Brief. The lines to be copied are those below that contain "Open".

=== Begin Enclosure ===

(* Let $q$ be a prime power, $e\ge2$, $r_1,\dots,r_{e-1},m>1$ integers, $n=r_{e-1}\cdots r_1m$, and $k$ an integer with $1<k\le m$. Put $N_1=m$ and $N_i=r_{i-1}\cdots r_1m$ for $2\le i\le e$ (so $N_e=n$). Let $\mathcal{C}_1\subseteq\mathcal{G}_q(m,k)$ be a union of finitely many pairwise distinct orbits under $\mathbb{F}_{q^m}^*$. For each $i=2,\dots,e$ let $\Phi_{i,1},\dots,\Phi_{i,s_i}:\mathbb{F}_{q^{N_{i-1}}}\to\mathbb{F}_{q^{N_i}}$ be injective $\mathbb{F}_q$-linear maps such that the subspaces $V_{i,h}=\Phi_{i,h}(\mathbb{F}_{q^{N_{i-1}}})$ have pairwise distinct orbits under $\mathbb{F}_{q^{N_i}}^*$, and let $\mathcal{C}_i=\bigcup_{h=1}^{s_i}\mathrm{Orb}_{\mathbb{F}_{q^{N_i}}^*}(V_{i,h})\subseteq\mathcal{G}_q(N_i,N_{i-1})$ be full-length. Define recursively $\mathcal{D}_1=\mathcal{C}_1$ and, for $2\le i\le e$, $$\mathcal{D}_i=\mathcal{C}_i\odot\mathcal{D}_{i-1}=\{\beta\,\Phi_{i,h}(U):\ \beta\in\mathbb{F}_{q^{N_i}}^*,\ 1\le h\le s_i,\ U\in\mathcal{D}_{i-1}\}\subseteq\mathcal{G}_q(N_i,k).$$ Assume $d(\mathcal{C}_1)=2k-2$ and $d(\mathcal{C}_i)=2N_{i-1}-2$ for every $i=2,\dots,e$. Then $\mathcal{C}:=\mathcal{D}_e=\mathcal{C}_e\odot\cdots\odot\mathcal{C}_1\subseteq\mathcal{G}_q(n,k)$ is a multi-orbit cyclic subspace code with minimum distance $2k-2$ and $|\mathcal{C}|=\prod_{i=1}^e|\mathcal{C}_i|$.
   Context: For positive integers $k\le N$, $\mathcal{G}_q(N,k)$ is the set of $k$-dimensional $\mathbb{F}_q$-subspaces of $\mathbb{F}_{q^N}$. Subspace distance $d(U,V)=\dim_{\mathbb{F}_q}(U+V)-\dim_{\mathbb{F}_q}(U\cap V)$; $d(\mathcal{C})=\min\{d(U,V):U,V\in\mathcal{C},U\ne V\}$. For $V\in\mathcal{G}_q(N,k)$, $\mathrm{Orb}_{\mathbb{F}_{q^N}^*}(V)=\{\beta V:\beta\in\mathbb{F}_{q^N}^*\}$; a multi-orbit cyclic subspace code is a union of such orbits. A one-orbit code $\mathrm{Orb}_{\mathbb{F}_{q^N}^*}(V)$ is full-length if $\{\beta\in\mathbb{F}_{q^N}^*:\beta V=V\}=\mathbb{F}_q^*$; a union of orbits is full-length if each orbit is. *)

From HB Require Import structures.
From mathcomp Require Import all_boot all_order all_algebra all_field.
From mathcomp Require Import finmap.
Set Implicit Arguments. Unset Strict Implicit. Unset Printing Implicit Defensive.
Import GRing.Theory.
Local Open Scope ring_scope.
Local Open Scope fset_scope.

=== End Enclosure ===

Solution for this task.
Local Open Scope ring_scope.
Local Open Scope fset_scope.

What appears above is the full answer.